Wednesday, January 26, 2011

GreenBkk.com Tech | Demand Media shares soar 40% in IPO

Demand Media shares soar 40% in IPO

By Julianne Pepitone, staff reporter

NEW YORK (CNNMoney) -- Shares of online content creator Demand Media rose 40% in the first minutes of trading Wednesday as the company made its public debut, raising $66.5 million in an IPO that valued the company at more than $1 billion.

The offering included 8.9 million shares, with Demand selling 4.5 million shares at $17 per share. Existing shareholders sold another 4.4 million shares -- a last-minute boost over the 3 million shares they intended to sell. Demand Media also raised the offering price beyond the anticipated $14 to $16 range.

Demand said it expects to raise around $67 million from the sale, after deducting its expenses for the IPO. The company plans to use the proceeds for content investments, working capital and international expansion.

The company trades under the New York Stock Exchange under the ticker symbol DMD (DMD). Shares were at $23.35 about 10 minutes into trading, after touching a high of $25.

Demand hires a stable of freelancers -- 13,000 are currently active -- to create content at rock-bottom rates, typically $15 for an article of several hundred words or $30 for a video.

Demand then sells ads around the content.
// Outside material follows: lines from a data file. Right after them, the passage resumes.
(* Let $z$ lie in the upper half-plane and let $E_4,\Delta_{24}$ and $\rho_n$ be as in the context. Then for every positive integer $n$, $$\rho_n(z)=\sum_{i=0}^{\lfloor n/3\rfloor}\frac{2n+3}{2i+1}\binom{n-i}{2i}2^{8i}\Delta_{24}(z)^iE_4(z)^{n-3i}.$$
   Context: For $z$ with $\mathrm{Im}(z)>0$ put $q=e^{\pi\sqrt{-1}z}$ and define $\vartheta_2(z)=\sum_{m\in\mathbb{Z}}q^{(m+1/2)^2}$, $\vartheta_3(z)=\sum_{m\in\mathbb{Z}}q^{m^2}$, $\vartheta_4(z)=\sum_{m\in\mathbb{Z}}(-q)^{m^2}$. Define $E_4(z)=\frac12(\vartheta_2(z)^8+\vartheta_3(z)^8+\vartheta_4(z)^8)$, $\Delta_{24}(z)=\left(\frac{\vartheta_2(z)\vartheta_3(z)\vartheta_4(z)}{2}\right)^8$, and for a nonnegative integer $n$, $$\rho_n(z)=\frac{\vartheta_3(z)^{8(n+1)+4}-\vartheta_2(z)^{8(n+1)+4}-\vartheta_4(z)^{8(n+1)+4}}{(\vartheta_2(z)\vartheta_3(z)\vartheta_4(z))^4}.$$ *)

From Stdlib Require Import Reals.
From Coquelicot Require Import Coquelicot.

Open Scope C_scope.

Definition Cexp (w : C) : C :=
  (exp (Re w) * cos (Im w), exp (Re w) * sin (Im w))%R.

Definition CSeries (u : nat -> C) : C :=
  (Series (fun k => Re (u k)), Series (fun k => Im (u k))).

(** Sum over all integers: a_0 + sum_{k>=1} (a_k + a_{-k})
    (the series in question are absolutely convergent). *)
Definition Zsum (a : Z -> C) : C :=
  a 0%Z + CSeries (fun k => a (Z.of_nat (S k)) + a (- Z.of_nat (S k))%Z).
Most of the articles appear on network of sites Demand owns, including eHow. Some traditional media companies, such as USAToday.com and the San Francisco Chronicle, also have licensed the content.
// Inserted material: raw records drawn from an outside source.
Lemma separated_keep :
  {in Q, forall q : {set T}, [disjoint x & q]} -> separated X Y P Q.
Proof.
case: sepPQ => sPX sQY sepX sepY x_avoids; split.
- exact: subset_trans sPX (subD1set X x).
- exact: subset_trans sQY (subD1set Y y).
- move=> x' q; rewrite in_setD => /andP[x'P x'X] qQ.
  have [->|x'x] := eqVneq x' x; first exact: x_avoids.
  by apply: sepX; rewrite // in_setD x'P in_setD1 x'x.
- move=> y' p; rewrite in_setD => /andP[y'Q y'Y] pP.
  have [->|y'y] := eqVneq y' y; last by apply: sepY; rewrite // in_setD y'Q in_setD1 y'y.
  move: (subsetP sPX p pP); rewrite in_setD1 => /andP[px pX].
  by apply: contraT => /(meets_only_x pX) pxE; rewrite pxE eqxx in px.
Qed.

(* If x meets some q0 in Q, then x and y join the pair: any other member of Y
   meeting x would be a third member of Y meeting the two-point set x. *)
Lemma separated_add q0 : trivIset Y -> #|x| <= 2 ->
  q0 \in Q -> ~~ [disjoint x & q0] -> separated X Y (x |: P) (y |: Q).
Proof.
case: sepPQ => sPX sQY sepX sepY disjY small_x q0Q x_meets_q0; split.
- by rewrite subUset sub1set xX (subset_trans sPX) ?subD1set.
- by rewrite subUset sub1set yY (subset_trans sQY) ?subD1set.
- move=> x' q; rewrite in_setD in_setU1 negb_or => /andP[/andP[x'x x'P] x'X].
  case/setU1P => [->|qQ]; last by apply: sepX; rewrite // in_setD x'P in_setD1 x'x.
  apply: contraT => meet; rewrite disjoint_sym in meet.
  by rewrite (meets_only_x x'X meet) eqxx in x'x.
- move=> y' p; rewrite in_setD in_setU1 negb_or => /andP[/andP[y'y y'Q] y'Y].
  case/setU1P => [->|pP]; last by apply: sepY; rewrite // in_setD y'Q in_setD1 y'y.
  apply: contraT => meet; rewrite disjoint_sym in meet.
  suff : 2 < #|meeting Y x|.
    by rewrite ltnNge (leq_trans (card_meeting x disjY) small_x).
  have q0Y : q0 \in Y :\ y := subsetP sQY q0 q0Q.
  move: q0Y; rewrite in_setD1 => /andP[q0y q0Y].
  apply/card_gt2P; exists y, q0, y'; rewrite !meetingE yY q0Y y'Y x_meets_y.
  rewrite x_meets_q0 meet eq_sym q0y y'y; split=> //; split=> //.
  by apply: contraNneq y'Q => <-.
Qed.

End Extend.

(* The augmenting-path lemma for families of small sets: if the members of X
   have at most two points, X and Y are pairwise disjoint and #|X| < #|Y|,
   there is a separated pair (P, Q) with one more member in Q than in P.
   Induction on #|Y|: remove a light member y of Y and the member x of X it
   meets (if any), and extend the pair found for the smaller families. *)
Lemma separated_augmenting X Y :
  {in X, forall x, #|x| <= 2} -> trivIset X -> trivIset Y -> #|X| < #|Y| ->
  exists P Q, separated X Y P Q /\ #|Q| = #|P|.+1.
Proof.
move: {2}#|Y| (leqnn #|Y|) => k; elim: k X Y => [|k IH] X Y leYk smallX disjX disjY ltXY.
  by move: (leq_trans ltXY leYk).
have [y yY] := exists_light_member smallX disjY ltXY.
rewrite leq_eqVlt ltnS leqn0 cards_eq0 => /orP[/cards1P[x only_x] | /eqP none].
  have xX : x \in X by have := set11 x; rewrite -only_x meetingE => /andP[].
  have cardY : #|Y| = #|Y :\ y|.+1 by rewrite (cardsD1 y Y) yY.
  have cardX : #|X| = #|X :\ x|.+1 by rewrite (cardsD1 x X) xX.
  have [|||||P [Q [sepPQ cardPQ]]] := IH (X :\ x) (Y :\ y).
  - by rewrite -ltnS -cardY.
  - by move=> z /setD1P[_ /smallX].
  - exact: trivIsetS (subD1set X x) disjX.
  - exact: trivIsetS (subD1set Y y) disjY.
  - by rewrite -ltnS -cardX -cardY.
  have [xP yQ] : x \notin P /\ y \notin Q.
    by case: sepPQ => sP sQ _ _; split; apply/negP;
      [move/(subsetP sP) | move/(subsetP sQ)]; rewrite in_setD1 eqxx.
  have [/exists_inP[q0 q0Q meet] | /exists_inPn avoid] :=
    boolP [exists q in Q, ~~ [disjoint x & q]].
    exists (x |: P), (y |: Q); split; last by rewrite !cardsU1 xP yQ cardPQ.
    exact: separated_add only_x sepPQ q0 disjY (smallX x xX) q0Q meet.
  exists P, Q; split=> //; apply: separated_keep only_x sepPQ _ => q /avoid.
  by rewrite negbK.
exists set0, [set y]; split; last by rewrite cards0 cards1.
split=> [||x' q|? ?]; rewrite ?sub0set ?sub1set ?inE //= => x'X /eqP ->.
apply: contraT => meet; have : x' \in meeting X y by rewrite meetingE x'X disjoint_sym.
by rewrite none inE.
Qed.

Lemma trivIset_exchange X Y P Q : trivIset X -> trivIset Y ->
  separated X Y P Q -> trivIset ((X :\: P) :|: Q).
Proof.
move=> /trivIsetP disjX /trivIsetP disjY [_ sQY sepX _].
apply/trivIsetP => a b /setUP[aXP | aQ] /setUP[bXP | bQ].
- by apply: disjX; [case/setDP: aXP | case/setDP: bXP].
- by move=> _; apply: sepX.
- by move=> _; rewrite disjoint_sym; apply: sepX.
- by apply: disjY; apply: (subsetP sQY).
Qed.

Lemma card_exchange X Y P Q : set0 \notin Y -> separated X Y P Q ->
  #|(X :\: P) :|: Q| = #|X| - #|P| + #|Q|.
Proof.
move=> Y_nonempty [sPX sQY sepX _].
suff disj : (X :\: P) :&: Q = set0 by rewrite cardsU disj cards0 subn0 cardsDS.
apply/setP => q; rewrite inE [q \in set0]inE; apply/negP => /andP[qXP qQ].
have := sepX q q qXP qQ; rewrite -setI_eq0 setIid => /eqP q0.
by move: Y_nonempty; rewrite -q0 (subsetP sQY q qQ).
Qed.

Lemma union_exchange X Y P Q : P \subset X -> Q \subset Y ->
  ((X :\: P) :|: Q) :|: ((Y :\: Q) :|: P) = X :|: Y.
Proof.
move=> sPX sQY; apply/setP => z; rewrite !inE.
have [zP|zP] := boolP (z \in P); have [zQ|zQ] := boolP (z \in Q);
  by rewrite ?(subsetP sPX z zP) ?(subsetP sQY z zQ) /= ?orbT ?orbF.
Qed.

End DisjointFamilies.

Lemma edge_card (T : finType) (e : rel T) (A : {set T}) :
  A \in edges e -> #|A| <= 2.
Proof.
by rewrite inE => /existsP[x /existsP[y /andP[_ /eqP ->]]]; rewrite cards2; case: (_ != _).
Qed.

Lemma set0_notin_edges (T : finType) (e : rel T) : set0 \notin edges e.
Proof.
apply/negP; rewrite inE => /existsP[x /existsP[y /andP[_ /eqP /setP /(_ x)]]].
by rewrite !inE eqxx.
Qed.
The articles are meant to appear high in search engine results -- but Google (GOOG, Fortune 500) has publicly said it's changing its algorithm to improve search results.

"We hear the feedback from the Web loud and clear: people are asking for even stronger action on content farms and sites that consist primarily of spammy or low-quality content," the company said in a blog post last week.

About half of the company's revenue comes from its Internet registry business, where it manages 10 million domain names. Demand has also experimented with online publishing and social media tools.

Tech IPO market finally starts to thaw

For years executives at Demand had said publicly that the company is profitable. But in its IPO filing in August, Demand disclosed that it was more than $6 million in the red for 2010 so far. It posted a net loss of $22 million in 2009 and millions more the previous two years.

The company has also faced criticism of its unorthodox accounting methods. Demand doesn't expense the cost of paying its writers upfront, as content companies typically do. Instead, it spreads those costs over five years, which boosts its bottom line.

Demand's rationale is that the writers' content will generate revenue for the company revenue for multiple years, so it shouldn't have to recognize the costs upfront. It estimates the "average useful life" -- meaning the amount of time it will make money -- of its content to be 5.4 years.